We collected cells after 24 hours under hypoxic conditions in each group. We used Western blots to quantitate levels of pro-apoptosis and antiapoptosis proteins, tight junction proteins, and PI3/Akt phosphorylation, ERK phosphorylation in each group. The 4-12% NuPAGE was used to separate the protein extracts. The gels were transferred onto polyvinylidene difluoride membranes. The membranes were then reacted with cleaved caspase-3, p-Bad, Bax, Bcl-2, p-Akt, p-PI3K, p-ERK, ZO-1, and Occludin antibodies (Cell signaling, USA) primary antibodies at 4 °C. Next, the membranes were reacted with a secondary antibody for 1 hour. Signals were developed by using an enhanced chemiluminescent substrate, and images were acquired by a Western blot analyzer. We calculated the relative density using the ImageJ software (https://imagej.noh.gov/ij/). In brief, the mean gray value was measured to quantify the protein band in the quantification software. For band detection, the rectangle tool was used to select a region of interest. For band quantification, the area under the curve of the detected band was used to represent the band density. The final relative density is the ratio of protein of interest to internal loading control.

1.8 Statistical analysis

All statistical analyses were performed using a GraphPad Prism. Data are presented as means ± standard deviations. We applied Mann–Whitney U-tests for comparisons between groups and considered P < 0.05 as statistically significant.

2.1 Cytotoxicity of puerarin in the ARPE-19 cell

We examined puerarin cytotoxicity by incubating ARPE-19 cells with the designed-concentrations of puerarin (10, 100, 200, 500, and 1000 µM) for 24 hours, and using WST-8 assays to determine their viability. The viability of RPE cells was significantly reduced by treatment with 500 and 1000 µM puerarin compared to the viability of untreated-RPE cells (Figure 1A; 500 µM puerarin, P = 0.029; 1000 µM puerarin, P = 0.0006). To measure long-term puerarin effects on cytotoxicity, we treated the ARPE-19 cells with puerarin at 10, 100, and 200 µM for 1, 2, 5, and 7 days. The ARPE-19 cells treated with 200 µM of puerarin showed lower viability at 2, 5, and 7 days posttreatment (Figure 1B, p < 0.0001). Puerarin concentrations lower than 100 µM resulted in no cytotoxicity in the ARPE-19 cells during 7 days in culture.
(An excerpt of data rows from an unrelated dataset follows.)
Lemma atom_conv (a : A) : is_atom A a -> is_atom A (a ^v).
Proof.
  intros [Hnz Hmin]. split.
  - intros Hz. apply Hnz. rewrite <- (ax_convconv A a), Hz. apply conv_zero.
  - intros x Hx. apply conv_mono in Hx. rewrite ax_convconv in Hx.
    destruct (Hmin _ Hx) as [Hx' | Hx']; [left | right];
      rewrite <- (ax_convconv A x), Hx'; [apply conv_zero | reflexivity].
Qed.

Hypothesis A_atomic : WA_atomic A.

Lemma atom_domain_identity (a : A) : is_atom A a ->
  exists e, is_atom A e /\ e <= wone' A /\ e <= a ^v ;; a.
Proof.
  intros Ha.
  destruct (@A_atomic ((a ^v ;; a) * wone' A)) as [e [He Hle]].
  - intros Hz. apply comp_meet_zero_cycle in Hz.
    rewrite ax_convconv, ax_ident, meet_idem in Hz. exact (proj1 Ha Hz).
  - exists e. split; [exact He | split; eapply le_trans; eauto using meet_le_l, meet_le_r].
Qed.

Lemma atom_right_identity (a : A) : is_atom A a ->
  exists e, is_atom A e /\ e <= wone' A /\ a ;; e = a.
Proof.
  intros Ha. destruct (atom_domain_identity Ha) as [e [He [He1 Hea]]].
  exists e. split; [exact He | split; [exact He1 |]].
  assert (Hle : a ;; e <= a) by (rewrite <- (ax_ident A a) at 2; apply comp_mono_r, He1).
  destruct (proj2 Ha _ Hle) as [Hae | Hae]; [exfalso | exact Hae].
  assert (Hz : (a ;; e) * a = wzero A) by (rewrite Hae; apply meet_zero).
  apply comp_meet_zero_cycle in Hz.
  apply (proj1 He), le_zero. rewrite <- Hz. apply meet_glb; [exact Hea | apply le_refl].
Qed.

Lemma atom_left_identity (a : A) : is_atom A a ->
  exists e, is_atom A e /\ e <= wone' A /\ e ;; a = a.
Proof.
  intros Ha. destruct (atom_right_identity (atom_conv Ha)) as [e [He [He1 Hae]]].
  exists (e ^v). split; [apply atom_conv, He |]. split.
  - rewrite <- conv_one'. apply conv_mono, He1.
  - rewrite <- (ax_convconv A a) at 2. rewrite <- Hae, ax_convcomp, ax_convconv. reflexivity.
Qed.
2.2 Puerarin reduced the hypoxia-induced apoptosis in ARPE-19 cells

RPE cell death progressed in a time-dependent manner under hypoxic culture conditions (Figure 2A). We observed a dramatic decrease in ARPE-19 cell viability 8 hours after initiating the incubation in the anaerobic chamber (Figure 2A, P = 0.0001). Puerarin at 50 and 100 µM inhibited the hypoxia-induced RPE cell death significantly. However, puerarin at 10 µM had no significantly protective effect on ARPE-19 cells after the same hypoxic incubation period (Figure 2A, P = 0.0001). Next, we examined whether the protective effect is involved in an antiapoptotic response. The Annexin V staining demonstrated that puerarin treatment at 50 and 100 µM reduced the proportion of Annexin V-positive and PI-positive cells under hypoxic conditions (Figure 2B). The proportions of Annexin V-positive cells in the hypoxic control, the 10 µM PR-treated, the 50 µM PR-treated, and the 100 µM PR-treated cells were 55.3 ± 5.5%, 50.7± 7.0%, 14.6 ± 4.5%, and 12.8 ± 3.9%, respectively. The proportions of PI-positive cells in the hypoxic control, the 10-µM PR-treated, the 50-µM PR-treated, and the 100-µM PR-treated cells were 72.5± 6.6%, 63.7± 4.0%, 21.7± 9.4%, and 21.0± 5.9%, respectively (Figure 2B). Treatment with 50 µM puerarin reduced the percentage of Annexin V-positive cells 40.7% (P = 0.0004) and that of PI-positive cells 50.8% (P = 0.0004) compared to the percentages in the hypoxic control group. Treatment with 100 µM puerarin reduced the percentage of Annexin V-positive cells 42.5% (P = 0.0003) and that of PI-positive cells 51.5% (P = 0.0002) compared to the percentages in the hypoxia control cells. These results indicate that treatments with 50 or 100µM of puerarin provided antiapoptotic capabilities in ARPE-19 cells against hypoxic conditions.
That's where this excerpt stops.